You, Lorenzo, will therefore consider the quality of these efforts of mine,
and will give in your judgement of them that censure or praise which will
appear to you to be merited. I send you these, as much as to show myself
grateful for all the benefits I have received from you, although I will not
include in them the (review) of this work of mine, as well as also, because
being accustomed to honor similar works of those who shine because of their
nobility, wealth, genius, and liberality, I know you do not have many equals
in wealth and nobility, few in ingenuity, and no one in liberality.
FIRST BOOK
As I believe that it is possible for one to praise, without concern, any man
after he is dead since every reason and supervision for adulation is
lacking, I am not apprehensive in praising our own Cosimo Ruccelai, whose
name is never remembered by me without tears, as I have recognized in him
those parts which can be desired in a good friend among friends and in a
citizen of his country. For I do not know what pertained to him more than to
spend himself willingly, not excepting that courage of his, for his friends,
and I do not know of any enterprise that dismayed him when he knew it was
for the good of his country. And I confess freely not to have met among so
many men whom I have known and worked with, a man in whom there was a mind
more fired with great and magnificent things. Nor does one grieve with the
friends of another of his death, except for his having been born to die
young unhonored within his own home, without having been able to benefit
anyone with that mind of his, for one would know that no one could speak of
him, except (to say) that a good friend had died. It does not remain for us,
however, or for anyone else who, like us, knew him, to be able because of
this to keep the faith (since deeds do not seem to) to his laudable
qualities. It is true however, that fortune was not so unfriendly to him
that it did not leave some brief memory of the dexterity of his genius, as
was demonstrated by some of his writings and compositions of amorous verses,
in which (as he was not in love) he (employed as an) exercise in order not
to use his time uselessly in his juvenile years, in order that fortune might
lead him to higher thoughts. Here, it can be clearly comprehended, that if
his objective was exercise, how very happily he described his ideas, and how
much he was honored in his poetry. Fortune, however, having deprived us of
the use of so great a friend, it appears to me it is not possible to find
any other better remedy than for us to seek to benefit from his memory, and
recover from it any matter that was either keenly observed or wisely
discussed. And as there is nothing of his more recent than the discussions
which the Lord Fabrizio Colonna had with him in his gardens, where matters
pertaining to war were discussed at length by that Lord, with (questions)
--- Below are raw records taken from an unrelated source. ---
Lemma moment_prod_avg_le : (0 < N)%N ->
  \int[P]_w ((\prod_t (N%:R^-1 * \sum_i `|W t i w|)) ^+ p)%:E <=
  ((1 + B ^+ p * p%:R ^+ 2 / N%:R) ^+ T)%:E.
Proof.
move=> N_gt0.
have a_ge0 : (0 <= N%:R^-1 ^+ p :> R)%R by rewrite exprn_ge0 // invr_ge0.
under eq_integral do rewrite exprn_prod_avg -sumEFin.
rewrite ge0_integral_sum //; first last.
- move=> F w _; rewrite lee_fin prodr_ge0 // => t _.
  by rewrite mulr_ge0 // prodr_ge0 // => i _; rewrite exprn_ge0.
- move=> F; apply/measurable_EFinP/measurable_prod => t _.
  apply: measurable_funM; first exact: measurable_cst.
  apply: measurable_prod => i _; apply: measurable_funX.
  exact: measurableT_comp (mW _ _).
apply: (@le_trans _ _ (\sum_(F : {ffun 'I_T -> {ffun 'I_p -> 'I_N}})
    (\prod_t (N%:R^-1 ^+ p * \prod_i c t (fiber_card (F t) i)))%:E)).
  apply: lee_sum => F _; apply: integral_prod_moments_le => // t i.
  exact: fiber_card_le.
rewrite sumEFin lee_fin -(bigA_distr_bigA (fun t f =>
  N%:R^-1 ^+ p * \prod_i c t (fiber_card f i)))%R.
rewrite -[in X in (_ <= X)%R](card_ord T) -prodr_const.
apply: ler_prod => t _; rewrite -mulr_sumr; apply/andP; split.
  rewrite mulr_ge0 // sumr_ge0 // => f _; rewrite prodr_ge0 // => i _.
  by case/andP: (c_bound t _ (fiber_card_le f i)).
exact: (moment_sum_le B_ge1 (c0 t) (c1 t) (c_bound t) N_gt0).
Qed.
keenly and prudently asked by Cosimo, it seemed proper to me having been
present with other friends of ours, to recall him to memory, so that reading
it, the friends of Cosimo who met there will renew in their minds the memory
of his virtue, and another part grieving for not having been there, will
learn in part of many things discussed wisely by a most sagacious man useful
not only to the military way of life, but to the civilian as well. I will
relate, therefore, how Fabrizio Colonna, when he returned from Lombardy
where he had fought a long time gloriously for the Catholic King, decided to
pass through Florence to rest several days in that City in order to visit
His Excellency the Duke, and see again several gentlemen with whom he had
been familiar in the past. Whence it appeared proper to Cosimo to invite him
to a banquet in his gardens, not so much to show his generosity as to have
reason to talk to him at length, and to learn and understand several things
from him, according as one can hope to from such a man, for it appeared to
him to give him an opportunity to spend a day discussing such matters as
would satisfy his mind.
Fabrizio, therefore, came as planned, and was received by Cosimo
together with several other loyal friends of his, among whom were
Zanobi Buondelmonti, Battista Della Palla, and Luigi Alamanni, young
men most ardent in the same studies and loved by him, whose good
qualities, because they were also praised daily by himself, we will omit.
Fabrizio, therefore, was honored according to the times and the place,
with all the highest honors they could give him. As soon as the convivial
pleasures were past and the table cleared and every arrangement of
feasting finished, which, in the presence of great men and those who
have their minds turned to honorable thoughts is soon accomplished,
and because the day was long and the heat intense, Cosimo, in order
to satisfy their desire better, judged it would be well to take the
opportunity to escape the heat by leading them to the more secret and
shadowy part of his garden: when they arrived there and chairs brought
out, some sat on the grass which was most fresh in the place, some sat
on chairs placed in those parts under the shadow of very high trees;
Fabrizio praised the place as most delightful, and looking especially at
the trees, he did not recognize one of them, and looked puzzled.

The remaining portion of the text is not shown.